Infortunio per uno speleologo triestino di 36 anni sul Monte Canin. Lo specialista si trovava in una grotta in esplorazione sotto la cima della vetta, a quota 2200 metri. L’allarme è arrivato intorno alle 16 al Cnsas del Friuli Venezia Giulia. 

L'infortunio

L’uomo è caduto per una ventina di metri, e ha subito un trauma cranico. Si trova a circa 200 metri di profondità. Il Soccorso speleologico si è attivato e sta operando sul posto con l’elicottero della Protezione Civile i tecnici e anche una squadra disostruzioni, dato che l’ingresso alla grotta presenta alcune strettoie. Si sta anche portando sul posto il medico specializzato nei soccorsi in grotta. 

I soccorsi

Proseguono le operazioni di soccorso dello speleologo triestino infortunatosi sotto la cima del Monte Canin all’interno di una grotta in corso di esplorazione a quota 2200, nelle Alpi Giulie. Il Soccorso Alpino e Speleologico è al lavoro con la squadra dei sanitari composta dal medico specializzato speleologo - prelevato in Slovenia con l’elicottero della Protezione Civile - e da un infermiere che sono entrati in grotta tra le 18 e le 18.30 e probabilmente hanno già raggiunto il ferito, che si trova a 200 metri di profondità. Nel frattempo la squadra alpina del Cnsas Fvg ha liberato dall’esterno un secondo varco d’ingresso, che era ostruito dal ghiaccio, per avere una eventuale seconda possibilità di passaggio. Si sta cercando di approfittare al massimo delle ore di luce disponibili per portare in quota con l’elicottero più materiale possibile che potrà servire per il soccorso. Dall’Umbria è in arrivo a Ronchi dei Legionari una squadra specializzata di disostruttori, che verrà caricata poi sull’elicottero dell’Esercito, l’unico velivolo che è abilitato al volo notturno. Al momento non è dato conoscere le condizioni del ferito perché non è ancora stato possibile comunicare con l’interno.

Il ferito

Dall'interno della grotta è giunta comunicazione che il ferito è cosciente e non è in pericolo di vita. Ha un problema al braccio e all'addome, che ha riferito lui stesso ai soccorritori essendo anch'egli infermiere. Al momento dell'ultima comunicazione intercorsa con i tecnici del Soccorso Alpino e speleologico presenti sul posto è arrivato pochi minuti fa l'elicottero dell'Esercito con la squadra dei disostruttori. Le operazioni procedono.

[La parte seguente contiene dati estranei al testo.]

Theorem transfer_simply_connected :
  simply_connected adjW cellW -> simply_connected adjV cellV.
Proof.
  intros HW; split; [exact (transfer_connected (proj1 HW))|intros u p Hp Hl].
  set (s := retrace u (t u)).
  assert (Hs : path (u :: t u ++ s))
    by (apply path_glue; [apply t_path|exact (retrace_path adjV_sym (t_path u))]).
  assert (Hps : path (u :: p ++ t u ++ s)) by (apply path_glue; [|rewrite Hl]; assumption).
  assert (H1 : htpy (u :: p ++ t u ++ s) (u :: t u ++ rho_path u p ++ s)).
  { pose proof (@ladder p u s) as H; rewrite Hl in H; exact (H Hps). }
  assert (H2 : htpy (u :: t u ++ rho_path u p ++ s) (u :: t u ++ s)).
  { set (P := removelast (u :: t u)).
    assert (E : u :: t u = P ++ [psi (phi u)])
      by (rewrite <- (t_last u); apply cons_snoc_last).
    pose proof (proj1 (htpy_path H1) Hps) as Hrs.
    change (u :: t u ++ ?X) with ((u :: t u) ++ X) in *; rewrite E, <- !app_assoc in *.
    exact (htpy_ctx (htpy_rho_loop HW Hp Hl) Hrs). }
  apply rst_trans with (u :: p ++ t u ++ s); 
    [exact (rst_sym _ _ _ _ (tether_loop Hl Hps))|].
  apply rst_trans with (u :: t u ++ s); [exact (rst_trans _ _ _ _ _ H1 H2)|].
  exact (@tether_loop u [] eq_refl Hs).
Qed.

End Transfer.


Section GroupLaws.
Variable G : group.

Lemma gmul_inv_r (x : G) : gmul x (ginv x) = gone.
Proof.
  transitivity (gmul (gmul (ginv (ginv x)) (ginv x)) (gmul x (ginv x))).
  - rewrite ginv_l, gone_l; reflexivity.
  - rewrite <- gassoc, (gassoc (ginv x) x), ginv_l, gone_l; apply ginv_l.
Qed.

Squadra distruttori in azione

La squadra disostruttori ha iniziato a lavorare verso le due di notte e al momento sta ancora operando all'ingresso della grotta e nei punti più stretti all'interno con piccole cariche di esplosivo per consentire la risalita della barella con il ferito. Il ferito nel frattempo attende assistito ancora a duecento metri di profondità che le operazioni di disostruzione si completino. Ci vorrà ancora del tempo perché lo si possa liberare riportandolo alla luce del sole: a stima le operazioni si potrebbero concludere a metà giornata di oggi domenica 5 agosto.